We examined whether correlations were present between WAT mass and hippocampal IBA-1 fluorescence or hypertrophied in each age group using linear regressions. We found significant correlations between IBA-1 fluorescence and WAT mass in the adult and adolescent cohorts in the CA1 (Fig. S4A adolescent, p = 0.092, adult, p < 0.0001), CA2/3 (Fig. S4B adolescent, p = 0.046, adult, p < 0.0001), and DG (Fig. S4C adolescent, p = 0.107, adult, p < 0.0001).

Furthermore, we found a significant correlation between the hypertrophied ‘active’ morphology and WAT mass in the CA1 in the adult but not the adolescent cohort (Fig. S4D adolescent, p = 0.4, adult p = 0.026), in the adolescent but not adult CA2/3, (Fig. S4E adolescent p = 0.019, adult p = 0.486), and no correlations in either age group in the DG (Fig. S4F adolescent p = 0.48, adult p = 0.297).

IBA-1 fluorescence in the PrL PFC was associated with decreased numbers of PV neurons and PNNs in adult mice

We examined whether associations were present between IBA-1 fluorescence and PFC PV and PNN markers in each age group using linear regressions.
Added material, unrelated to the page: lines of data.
Definition embed_mx (f : nat -> nat) (sg : nat -> bool) : 'M[R[i]]_(2 ^ m, 2 ^ m.+1) :=
  \matrix_(b, a) if uenum m.+2 a == f (uenum m.+1 b) then (-1) ^+ sg (uenum m.+1 b) else 0.

Lemma mul_embed_mx {f sg n} {X : 'M_(2 ^ m.+1, n)} {b : 'I_(2 ^ m)} {j : 'I_n}
    {a : 'I_(2 ^ m.+1)} :
  uenum m.+2 a = f (uenum m.+1 b) ->
  (embed_mx f sg *m X) b j = (-1) ^+ sg (uenum m.+1 b) * X a j.
Proof.
move=> e_a; rewrite mxE (bigD1 a) //= mxE e_a eqxx big1 ?addr0 // => a' ne_a'.
by rewrite mxE -e_a (inj_eq (@uenum_inj _)) val_eqE (negbTE ne_a') mul0r.
Qed.

Lemma mul_adj_embed_mx {f sg n} {X : 'M_(n, 2 ^ m.+1)} {i : 'I_n} {b : 'I_(2 ^ m)}
    {a : 'I_(2 ^ m.+1)} :
  uenum m.+2 a = f (uenum m.+1 b) ->
  (X *m adjmx (embed_mx f sg)) i b = X i a * (-1) ^+ sg (uenum m.+1 b).
Proof.
move=> e_a; rewrite mxE (bigD1 a) //= !mxE e_a eqxx rmorph_sign big1 ?addr0 // => a' ne_a'.
by rewrite !mxE -e_a (inj_eq (@uenum_inj _)) val_eqE (negbTE ne_a') conjc0 mulr0.
Qed.

Lemma embed_mx_conj {f g sf sg} {M : 'M_(2 ^ m.+1)} {b1 b2 : 'I_(2 ^ m)}
    {a1 a2 : 'I_(2 ^ m.+1)} :
  uenum m.+2 a1 = f (uenum m.+1 b1) -> uenum m.+2 a2 = g (uenum m.+1 b2) ->
  (embed_mx f sf *m M *m adjmx (embed_mx g sg)) b1 b2 =
  (-1) ^+ sf (uenum m.+1 b1) * M a1 a2 * (-1) ^+ sg (uenum m.+1 b2).
Proof.
by move=> e_a1 e_a2; rewrite -mulmxA (mul_embed_mx e_a1) (mul_adj_embed_mx e_a2) mulrA.
Qed.

End EmbeddingMatrix.

Lemma adjmx_col (R : rcfType) p1 p2 q (A : 'M[R[i]]_(p1, q)) (B : 'M_(p2, q)) :
  adjmx (col_mx A B) = row_mx (adjmx A) (adjmx B).
Proof. by rewrite /adjmx map_col_mx tr_col_mx. Qed.

Section Embedding.
Variables (m : nat) (f : nat -> nat).
Hypothesis f_inj : injective f.
Hypothesis f_lt : forall y, (y < 2 ^ m.+1)%N -> (f y < 2 ^ m.+2)%N.
Hypothesis f_par : forall y, par m.+1 (f y) = par m y.

Definition preim_vertex (x : nat) : option nat :=
  omap val [pick y : 'I_(2 ^ m.+1) | x == f y].

Variant preim_vertex_spec x : option nat -> Type :=
  | PreimVertex y of (y < 2 ^ m.+1)%N & x = f y : preim_vertex_spec x (Some y)
  | NoPreimVertex of (forall y, (y < 2 ^ m.+1)%N -> x != f y) : preim_vertex_spec x None.

Lemma preim_vertexP x : preim_vertex_spec x (preim_vertex x).
Proof.
rewrite /preim_vertex; case: pickP => [y /eqP -> | not_f] /=; constructor => //.
by move=> y lt_y; apply/negbT/(not_f (Ordinal lt_y)).
Qed.

Lemma img_preim_vertex (A : nmodType) (q : nat -> A) x :
  img q (preim_vertex x) = \sum_(y < 2 ^ m.+1 | x == f y) q y.
Proof.
case: preim_vertexP => [y lt_y -> | not_f] /=.
  by rewrite (big_pred1 (Ordinal lt_y)) // => y'; rewrite /= (inj_eq f_inj) eq_sym.
by rewrite big_pred0 // => y; apply/negbTE/not_f.
Qed.

Lemma sum_img_preim_vertex (A : nmodType) (q : nat -> A) (P : pred nat) :
  \sum_(x < 2 ^ m.+2 | P x) img q (preim_vertex x) = \sum_(y < 2 ^ m.+1 | P (f y)) q y.
Proof.
under eq_bigr => x _ do rewrite img_preim_vertex.
rewrite (exchange_big_dep xpredT) //= [RHS]big_mkcond; apply: eq_bigr => y _.
have [Pfy | nPfy] := boolP (P (f y)).
  rewrite (big_pred1 (Ordinal (f_lt _ (ltn_ord y)))) // => x /=.
  by rewrite -val_eqE /=; case: eqP => [->|]; rewrite ?Pfy ?andbF.
by rewrite big_pred0 // => x; case: eqP => [->|]; rewrite ?(negbTE nPfy) ?andbF.
Qed.

Lemma Qrel_preim_vertex (A : nzRingType) (star : A -> A) (q : nat -> A) :
  (forall y y', adj m.+1 y y' -> adj m.+2 (f y) (f y')) ->
  (forall a b, star (a + b) = star a + star b) ->
  Qrel m.+1 star q -> Qrel m.+2 star (fun x => img q (preim_vertex x)).
Proof.
move=> f_adj starD [q_proj q_U q_V q_orth].
have star0 : star 0 = 0 by apply: (addrI (star 0)); rewrite -starD !addr0.
split.
- move=> x _; case: preim_vertexP => [y lt_y _|_] /=; last by rewrite mul0r star0.
  exact: q_proj.
- rewrite (sum_img_preim_vertex _ q (fun x => ~~ par m.+1 x)) -q_U.
  by apply: eq_bigl => y; rewrite f_par.
- rewrite (sum_img_preim_vertex _ q (par m.+1)) -q_V.
  by apply: eq_bigl => y; rewrite f_par.
move=> u v _ _ u_even v_odd not_adj.
case: preim_vertexP => [y lt_y u_y|_] /=; last by rewrite mul0r.
case: preim_vertexP => [y' lt_y' v_y'|_] /=; last by rewrite mulr0.
apply: q_orth; rewrite // -?f_par -?u_y -?v_y' //.
by apply: contra not_adj; rewrite u_y v_y'; apply: f_adj.
Qed.
Hypotheses (Kc : Defs.convex_set K) (K0 : K 0).

Lemma dilate_le t t' x : 0 <= t -> t <= t' -> dilate t K x -> dilate t' K x.
Proof.
move=> t0 tt' [y Ky <-]; have [t'0|t'0] := eqVneq t' 0.
  have -> : t = 0 by apply/le_anti; rewrite t0 -t'0 tt'.
  by exists 0; rewrite ?scaler0 ?scale0r.
have t'p : 0 < t' by rewrite lt_def t'0 (le_trans t0).
exists ((t / t') *: y + (1 - t / t') *: 0).
  by apply: (Kc Ky K0); [exact: divr_ge0 t0 (ltW t'p) | rewrite ler_pdivrMr // mul1r].
by rewrite scaler0 addr0 scalerA mulrCA mulfV // mulr1.
Qed.

Lemma dilateD s t x y : 0 <= s -> 0 <= t ->
  dilate s K x -> dilate t K y -> dilate (s + t) K (x + y).
Proof.
move=> s0 t0 [x' Kx <-] [y' Ky <-].
have [st0|st0] := eqVneq (s + t) 0.
  have [-> ->] : s = 0 /\ t = 0 by split; lra.
  by exists 0 => //; rewrite !scale0r scaler0 addr0.
have stp : 0 < s + t by rewrite lt_def st0 addr_ge0.
exists ((s / (s + t)) *: x' + (1 - s / (s + t)) *: y').
  by apply: (Kc Kx Ky); [exact: divr_ge0 s0 (ltW stp) | rewrite ler_pdivrMr // mul1r; lra].
rewrite scalerDr !scalerA mulrCA mulfV // mulr1; congr (_ + _ *: _).
by field.
Qed.

Lemma dilate_sum (I : Type) (r : seq I) (w : I -> R) (F : I -> 'rV[R]_n) :
  (forall j, 0 <= w j) -> (forall j, dilate (w j) K (F j)) ->
  dilate (\sum_(j <- r) w j) K (\sum_(j <- r) F j).
Proof.
move=> w0 wF; elim: r => [|a r IH]; first by rewrite !big_nil; exists 0; rewrite ?scaler0.
by rewrite !big_cons; apply: dilateD => //; exact: sumr_ge0.
Qed.

Lemma dilate_common (I : finType) (x : I -> 'rV[R]_n) :
  (forall k, exists2 t, 0 < t & dilate t K (x k)) ->
  exists2 l, 0 < l & forall k, dilate l K (x k).
Proof.
move=> xK; have /boolp.choice [t tx] : forall k, exists t, 0 < t /\ dilate t K (x k).
  by move=> k; have [t] := xK k; exists t.
have t0 k : 0 < t k by case: (tx k).
have sum_t0 : 0 <= \sum_k t k by apply: sumr_ge0 => k _; exact: ltW.
exists (1 + \sum_k t k) => [|k]; first lra.
apply: dilate_le (tx k).2; first exact: ltW.
rewrite (bigD1 k) //= addrCA lerDl addr_ge0 // sumr_ge0 // => j _; exact: ltW.
Qed.

End Dilates.

Section OrderedSeq.
Variable R : realDomainType.

Lemma exists_max_seq (s : seq R) :
  s != [::] -> exists2 x, x \in s & forall y, y \in s -> y <= x.
Proof.
elim: s => // a s IH _; have [->|/IH[x xs xmax]] := eqVneq s [::].
  by exists a => [|y]; rewrite ?mem_seq1 // => /eqP ->.
have [ax|xa] := leP a x.
  by exists x => [|y]; rewrite in_cons ?xs ?orbT // => /predU1P[->|/xmax].
exists a => [|y]; first exact: mem_head.
by rewrite in_cons => /predU1P[->//|/xmax yx]; exact/(le_trans yx)/ltW.
Qed.
(* Let $D_2>0$, $k_3>0$, $S_2^{in}>0$, and let $\mu_2\in C^1(\mathbb R_+)$ satisfy $\mu_2(0)=0$, $\lim_{s\to\infty}\mu_2(s)=0$, and there exists $S_2^m>0$ with $\mu_2'>0$ on $(0,S_2^m)$ and $\mu_2'<0$ on $(S_2^m,\infty)$. Let $X_2^{1*}$ be a positive constant with $X_2^{1*}<S_2^{in}/k_3$. Define $f_2(x)=\mu_2(S_2^{in}-k_3x)$ on $[0,S_2^{in}/k_3]$, $g_2(x)=D_2(x-X_2^{1*})/x$ for $x>0$, and $x_1^m=(S_2^{in}-S_2^m)/k_3$. Then: \begin{enumerate} \item if $X_2^{1*}\ge x_1^m$, the equation $f_2(x)=g_2(x)$ has a unique solution in $(X_2^{1*},S_2^{in}/k_3)$; \item if $X_2^{1*}<x_1^m$, the equation $f_2(x)=g_2(x)$ has at least one solution in $(X_2^{1*},S_2^{in}/k_3)$; generically, there is an odd number of solutions in this interval. \end{enumerate} *)

From Stdlib Require Import Reals Lra List.
From Coquelicot Require Import Coquelicot.
Open Scope R_scope.

Definition f2 (mu2 : R -> R) (S2in k3 : R) (x : R) : R := mu2 (S2in - k3 * x).

Definition g2 (D2 X21 : R) (x : R) : R := D2 * (x - X21) / x.

Definition x1m (S2in S2m k3 : R) : R := (S2in - S2m) / k3.

From Stdlib Require Import Reals Lra List.
From Coquelicot Require Import Coquelicot.
From Stdlib Require Import Classical Ranalysis5.
Open Scope R_scope.

(** The gap [f2 - g2] is positive at [X21], where [g2] vanishes and [mu2 > 0],
    and negative at [S2in / k3], where [f2 = mu2 0 = 0]; hence it has a zero.
    If [X21 >= x1m], the argument of [mu2] stays in the range [0 <= s <= S2m]
    where [mu2] increases, so [f2] decreases while [g2] increases and the zero
    is unique.  In general, when every zero is transversal the gap changes sign
    at each of them.  Real induction along the interval carries the invariant
    "the zeros met so far are finitely many, and just to the left the gap has
    the sign of its left end value times [(-1) ^ #zeros]"; the overall sign
    change from positive to negative then forces an odd number of zeros. *)

Lemma Rmin_pos_le (x y : R) : 0 < x -> 0 < y -> 0 < Rmin x y /\ Rmin x y <= x /\ Rmin x y <= y.
Proof. intros Hx Hy; split; [apply Rmin_pos|split; [apply Rmin_l|apply Rmin_r]]; assumption. Qed.

Lemma Rmult_pos_same_sign (x y z : R) : 0 < x * z -> 0 < y * z -> 0 < x * y.
Proof. intros Hx Hy; nra. Qed.

Lemma Rmult_pos_sign_transfer (x y u v : R) : 0 < x * u * y -> 0 < v * u -> 0 < x * v * y.
Proof. intros Hu Hv; nra. Qed.

Lemma pow_m1_parity (n : nat) : (-1) ^ n = if Nat.odd n then -1 else 1.
Proof.
  induction n as [|n IH]; [reflexivity|].
  rewrite <- tech_pow_Rmult, IH, Nat.odd_succ, <- Nat.negb_odd.
  destruct (Nat.odd n); simpl; ring.
Qed.

Lemma pow_m1_neg_odd (n : nat) : (-1) ^ n < 0 -> Nat.odd n = true.
Proof. rewrite pow_m1_parity; destruct (Nat.odd n); [reflexivity|lra]. Qed.

Lemma real_induction (P : R -> Prop) (a b : R) : a < b ->
  (exists d, 0 < d /\ forall y, a < y < a + d -> P y) ->
  (forall c, a < c <= b -> (forall y, a < y < c -> P y) -> P c) ->
  (forall c, a < c < b -> P c -> exists d, 0 < d /\ forall y, c < y < c + d -> P y) ->
  P b.
Proof.
  intros Hab [d0 [Hd0 Hbase]] Hlimit Hstep.
  set (S x := a < x <= b /\ forall y, a < y <= x -> P y).
  assert (HS0 : S (a + Rmin d0 (b - a) / 2)).
  { destruct (Rmin_pos_le d0 (b - a)) as [Hm [Hm0 Hmb]]; [lra|lra|].
    split; [lra|]. intros y Hy. apply Hbase. lra. }
  destruct (completeness S) as [c [Hub Hlub]].
  - exists b. intros x [Hx _]. lra.
  - exists (a + Rmin d0 (b - a) / 2). exact HS0.
  - assert (Hac : a < c).
    { specialize (Hub _ HS0). pose proof (Rmin_pos d0 (b - a) Hd0 ltac:(lra)). lra. }
    assert (Hcb : c <= b) by (apply Hlub; intros x [Hx _]; lra).
    assert (Hbelow : forall y, a < y < c -> P y).
    { intros y Hy. apply NNPP. intros HnPy.
      assert (c <= y); [|lra].
      apply Hlub. intros x [Hx HPx]. apply Rnot_lt_le. intros Hyx.
      apply HnPy, HPx. lra. }
    assert (HPc : P c) by (apply Hlimit; [lra|exact Hbelow]).
    destruct (Req_dec c b) as [<-|Hcb']; [exact HPc|exfalso].
    destruct (Hstep c ltac:(lra) HPc) as [d [Hd Habove]].
    destruct (Rmin_pos_le d (b - c)) as [Hm [Hmd Hmb]]; [lra|lra|].
    assert (HS : S (c + Rmin d (b - c) / 2)).
    { split; [lra|]. intros y Hy.
      destruct (Rtotal_order y c) as [Hyc|[->|Hyc]];
        [apply Hbelow|exact HPc|apply Habove]; lra. }
    specialize (Hub _ HS). lra.
Qed.

Lemma sign_persists (h : R -> R) (p : R) : continuous h p -> h p <> 0 ->
  exists del, 0 < del /\ forall y, Rabs (y - p) < del -> 0 < h y * h p.
Proof.
  intros Hc Hp. apply continuity_pt_filterlim in Hc.
  destruct (Hc (Rabs (h p)) (Rabs_pos_lt _ Hp)) as [del [Hdel Hnear]].
  exists del. split; [lra|]. intros y Hy.
  destruct (Req_dec y p) as [->|Hyp]; [nra|].
  assert (Hclose : Rabs (h y - h p) < Rabs (h p)).
  { apply (Hnear y). split; [split; [exact I|congruence]|exact Hy]. }
  revert Hclose. split_Rabs; nra.
Qed.

Lemma sign_near_simple_zero (h : R -> R) (p d : R) :
  is_derive h p d -> h p = 0 -> d <> 0 ->
  exists del, 0 < del /\ forall y, 0 < Rabs (y - p) < del -> 0 < h y * (y - p) * d.
Proof.
  intros Hd Hp Hd0. apply is_derive_Reals in Hd.
  destruct (Hd (Rabs d) (Rabs_pos_lt _ Hd0)) as [del Hdel].
  exists del. split; [apply cond_pos|]. intros y [Hy0 Hy].
  assert (Hne : y - p <> 0) by (intros E; rewrite E, Rabs_R0 in Hy0; lra).
  specialize (Hdel (y - p) Hne Hy).
  replace (p + (y - p)) with y in Hdel by ring. rewrite Hp, Rminus_0_r in Hdel.
  set (q := h y / (y - p)) in Hdel.
  assert (Hq : 0 < q * d) by (revert Hdel; split_Rabs; nra).
  replace (h y) with (q * (y - p)) by (unfold q; field; exact Hne).
  assert (0 < (y - p) * (y - p)) by (apply Rsqr_pos_lt, Hne).
  nra.
Qed.

Definition lists_zeros (h : R -> R) (a c : R) (l : list R) : Prop :=
  NoDup l /\ forall x, In x l <-> a < x < c /\ h x = 0.

Lemma lists_zeros_extend (h : R -> R) (a c y : R) (l : list R) :
  lists_zeros h a c l -> c <= y -> (forall x, c <= x < y -> h x <> 0) ->
  lists_zeros h a y l.
Proof.
  intros [Hnd Hl] Hcy Hnz. split; [exact Hnd|]. intros x. rewrite Hl.
  split; intros [Hx Hx0]; split; try lra; try exact Hx0.
  split; [lra|]. apply Rnot_le_lt. intros Hcx. apply (Hnz x); [lra|exact Hx0].
Qed.

Lemma lists_zeros_cons (h : R -> R) (a c y : R) (l : list R) :
  lists_zeros h a c l -> a < c < y -> h c = 0 -> (forall x, c < x < y -> h x <> 0) ->
  lists_zeros h a y (c :: l).
Proof.
  intros [Hnd Hl] Hcy Hc Hnz. split.
  - constructor; [|exact Hnd]. rewrite Hl. lra.
  - intros x. simpl. rewrite Hl. split.
    + intros [<-|[Hx Hx0]]; split; (lra || assumption).
    + intros [Hx Hx0]. destruct (Rtotal_order x c) as [Hxc|[->|Hxc]].
      * right. split; [lra|exact Hx0].
      * left. reflexivity.
      * exfalso. apply (Hnz x); [lra|exact Hx0].
Qed.

Definition zero_parity (h : R -> R) (a c : R) : Prop :=
  exists l, lists_zeros h a c l /\
    exists eps, 0 < eps /\ forall y, c - eps < y < c -> 0 < h a * h y * (-1) ^ length l.

Section TransversalZeros.

Variables (h dh : R -> R) (a b : R).
Hypothesis hab : a < b.
Hypothesis h_derive : forall x, a <= x <= b -> is_derive h x (dh x).
Hypothesis h_transversal : forall x, a < x < b -> h x = 0 -> dh x <> 0.
Hypothesis ha : h a <> 0.
Hypothesis hb : h b <> 0.

Lemma sign_persists_in (c : R) : a <= c <= b -> h c <> 0 ->
  exists del, 0 < del /\ forall y, Rabs (y - c) < del -> 0 < h y * h c.
Proof.
  intros Hc. apply sign_persists, (@ex_derive_continuous R_AbsRing R_NormedModule).
  exists (dh c). apply h_derive, Hc.
Qed.

Lemma zero_parity_start : exists d, 0 < d /\ forall y, a < y < a + d -> zero_parity h a y.
Proof.
  destruct (sign_persists_in a) as [del [Hdel Hnear]]; [lra|exact ha|].
  exists del. split; [exact Hdel|]. intros y Hy. exists nil. split.
  - split; [constructor|]. intros x. simpl. split; [tauto|]. intros [Hx Hx0].
    specialize (Hnear x ltac:(split_Rabs; lra)). rewrite Hx0 in Hnear. lra.
  - exists (y - a). split; [lra|]. intros z Hz. simpl.
    specialize (Hnear z ltac:(split_Rabs; lra)). nra.
Qed.

Lemma left_sign (c : R) : a < c <= b ->
  exists del s, 0 < del /\ forall y, c - del < y < c -> 0 < h y * s.
Proof.
  intros Hc. destruct (Req_dec (h c) 0) as [Hc0|Hc0].
  - assert (Hcb : c < b) by (destruct (Req_dec c b) as [->|]; [contradiction|lra]).
    destruct (sign_near_simple_zero h c (dh c)) as [del [Hdel Hnear]];
      [apply h_derive; lra|exact Hc0|apply h_transversal; [lra|exact Hc0]|].
    exists del, (- dh c). split; [exact Hdel|]. intros y Hy.
    specialize (Hnear y ltac:(split_Rabs; lra)). nra.
  - destruct (sign_persists_in c) as [del [Hdel Hnear]]; [lra|exact Hc0|].
    exists del, (h c). split; [exact Hdel|]. intros y Hy. apply Hnear. split_Rabs; lra.
Qed.

Lemma zero_parity_limit (c : R) : a < c <= b ->
  (forall y, a < y < c -> zero_parity h a y) -> zero_parity h a c.
Proof.
  intros Hc Hbelow. destruct (left_sign c Hc) as [del [s [Hdel Hs]]].
  destruct (Rmin_pos_le del (c - a)) as [Hm [Hmdel Hmc]]; [lra|lra|].
  set (m := Rmin del (c - a)) in *.
  destruct (Hbelow (c - m / 2)) as [l [Hl [eps [Heps Hsign]]]]; [lra|].
  exists l. split.
  - apply (lists_zeros_extend h a (c - m / 2)); [exact Hl|lra|].
    intros x Hx Hx0. specialize (Hs x ltac:(lra)). rewrite Hx0 in Hs. lra.
  - exists (m / 2). split; [lra|]. intros y Hy.
    destruct (Rmin_pos_le eps (m / 2)) as [He [Heeps Hem]]; [lra|lra|].
    set (y0 := c - m / 2 - Rmin eps (m / 2) / 2).
    apply (Rmult_pos_sign_transfer _ _ (h y0)); [apply Hsign; unfold y0; lra|].
    apply (Rmult_pos_same_sign _ _ s); apply Hs; unfold y0; lra.
Qed.

Lemma zero_parity_step (c : R) : a < c < b -> zero_parity h a c ->
  exists d, 0 < d /\ forall y, c < y < c + d -> zero_parity h a y.
Proof.
  intros Hc [l [Hl [eps [Heps Hsign]]]]. destruct (Req_dec (h c) 0) as [Hc0|Hc0].
  - destruct (sign_near_simple_zero h c (dh c)) as [del [Hdel Hnear]];
      [apply h_derive; lra|exact Hc0|apply h_transversal; [lra|exact Hc0]|].
    exists del. split; [exact Hdel|]. intros y Hy. exists (c :: l). split.
    + apply lists_zeros_cons; [exact Hl|lra|exact Hc0|].
      intros x Hx Hx0. specialize (Hnear x ltac:(split_Rabs; lra)). rewrite Hx0 in Hnear. lra.
    + exists (y - c). split; [lra|]. intros z Hz.
      destruct (Rmin_pos_le eps del) as [Hm [Hmeps Hmdel]]; [lra|lra|].
      set (y0 := c - Rmin eps del / 2).
      assert (Hright : 0 < h z * dh c).
      { specialize (Hnear z ltac:(split_Rabs; lra)). nra. }
      assert (Hleft : 0 < - h y0 * dh c).
      { specialize (Hnear y0 ltac:(unfold y0; split_Rabs; lra)). unfold y0 in *. nra. }
      simpl length. simpl pow. replace (h a * h z * (-1 * (-1) ^ length l))
        with (h a * - h z * (-1) ^ length l) by ring.
      apply (Rmult_pos_sign_transfer _ _ (h y0)); [apply Hsign; unfold y0; lra|].
      replace (- h z * h y0) with (h z * - h y0) by ring.
      exact (Rmult_pos_same_sign _ _ _ Hright Hleft).
  - destruct (sign_persists_in c) as [del [Hdel Hnear]]; [lra|exact Hc0|].
    exists del. split; [exact Hdel|]. intros y Hy. exists l. split.
    + apply (lists_zeros_extend h a c); [exact Hl|lra|].
      intros x Hx Hx0. specialize (Hnear x ltac:(split_Rabs; lra)). rewrite Hx0 in Hnear. lra.
    + exists (y - c). split; [lra|]. intros z Hz.
      destruct (Rmin_pos_le eps del) as [Hm [Hmeps Hmdel]]; [lra|lra|].
      set (y0 := c - Rmin eps del / 2).
      apply (Rmult_pos_sign_transfer _ _ (h y0)); [apply Hsign; unfold y0; lra|].
      apply (Rmult_pos_same_sign _ _ (h c)); apply Hnear; unfold y0; split_Rabs; lra.
Qed.
Lemma ell_WLR_concave (W t e e' : R) (b b' : 'rV[R]_p) : 0 <= W -> 0 <= t -> t <= 1 ->
  t * ell_WLR W x1 x0 e b + (1 - t) * ell_WLR W x1 x0 e' b'
  <= ell_WLR W x1 x0 (t * e + (1 - t) * e') (t *: b + (1 - t) *: b').
Proof.
move=> W0 t0 t1.
have combE (x : 'rV[R]_p) : t * e + (1 - t) * e' + dotp (t *: b + (1 - t) *: b') x =
    t * (e + dotp b x) + (1 - t) * (e' + dotp b' x).
  by rewrite dotpD_scale; ring.
have sp_sum n (x : 'I_n -> 'rV[R]_p) :
    \sum_(i < n) softplus (t * e + (1 - t) * e' + dotp (t *: b + (1 - t) *: b') (x i))
    <= t * \sum_(i < n) softplus (e + dotp b (x i))
       + (1 - t) * \sum_(i < n) softplus (e' + dotp b' (x i)).
  rewrite !mulr_sumr -big_split; apply: ler_sum => i _.
  by rewrite combE; apply: softplus_convex.
have lin_sum : \sum_(i < n1) (t * e + (1 - t) * e' + dotp (t *: b + (1 - t) *: b') (x1 i))
    = t * \sum_(i < n1) (e + dotp b (x1 i)) + (1 - t) * \sum_(i < n1) (e' + dotp b' (x1 i)).
  by rewrite !mulr_sumr -big_split; apply: eq_bigr => i _; rewrite combE.
have := sp_sum _ x1; have := ler_wpM2l W0 (sp_sum _ x0).
rewrite /ell_WLR lin_sum -!mulr_sumr /softplus; nra.
Qed.

Lemma linpred_continuous (x : 'rV[R]_p) : continuous (linpred ^~ x).
Proof.
move=> z; apply: cvgD; first exact: cvg_fst.
apply: continuous_big => [|j _ {}z]; first exact: add_continuous.
apply: cvgMr_tmp.
apply: (@continuous_comp _ _ _ snd (fun b : 'rV[R]_p => b 0 j)); first exact: cvg_snd.
exact: coord_continuous.
Qed.

Lemma expR_linpred_continuous (x : 'rV[R]_p) : continuous (fun z => expR (linpred z x)).
Proof.
by move=> z; apply: continuous_comp; [exact: linpred_continuous | exact: continuous_expR].
Qed.

Lemma ell_IPP_continuous : continuous (fun z : Z => ell_IPP A x1 x0 z.1 z.2).
Proof.
move=> z; apply: cvgB; last exact: cvg_cst.
apply: cvgB; first by apply: continuous_big => [|i _]; [exact: add_continuous |
  exact: linpred_continuous].
apply: cvgMl_tmp; apply: continuous_big => [|i _]; first exact: add_continuous.
exact: expR_linpred_continuous.
Qed.

Definition presence_mass (z : Z) := \sum_(i < n1) expR (linpred z (x1 i)).
Definition background_sqmass (z : Z) := \sum_(i < n0) expR (linpred z (x0 i)) ^+ 2.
We found a significant correlation between IBA-1 fluorescence and PV neuron counts in the PrL in the adults but not adolescent cohort (Fig. S5A adolescent p = 0.498, adult p = 0.048), however no further significant correlations were seen in the IL (Fig. S5B adolescent p = 0.180, adult p = 0.414) and OFC (Fig. S5C adolescent p = 0.408, adult p = 0.147). Additionally, a significant correlation between IBA-1 fluorescence and PNN count was found in the PrL in the adult, but not adolescent cohort (Fig. S5D adolescent p = 0.798, adult p = 0.023). No significant correlations were found in the IL (Fig. S5E adolescent p = 0.106, adult p = 0.130) and OFC (Fig. S5F adolescent p = 0.568, adult p = 0.415). Furthermore, no significant correlations between IBA-1 fluorescence and PV/PNN count were found in the PrL (Fig. S5G adolescent p = 0.319, adult p = 0.06), IL (Fig. S5H adolescent p = 0.314, adult p = 0.473), and OFC (Fig. S5I adolescent p = 0.337, adult p = 0.153).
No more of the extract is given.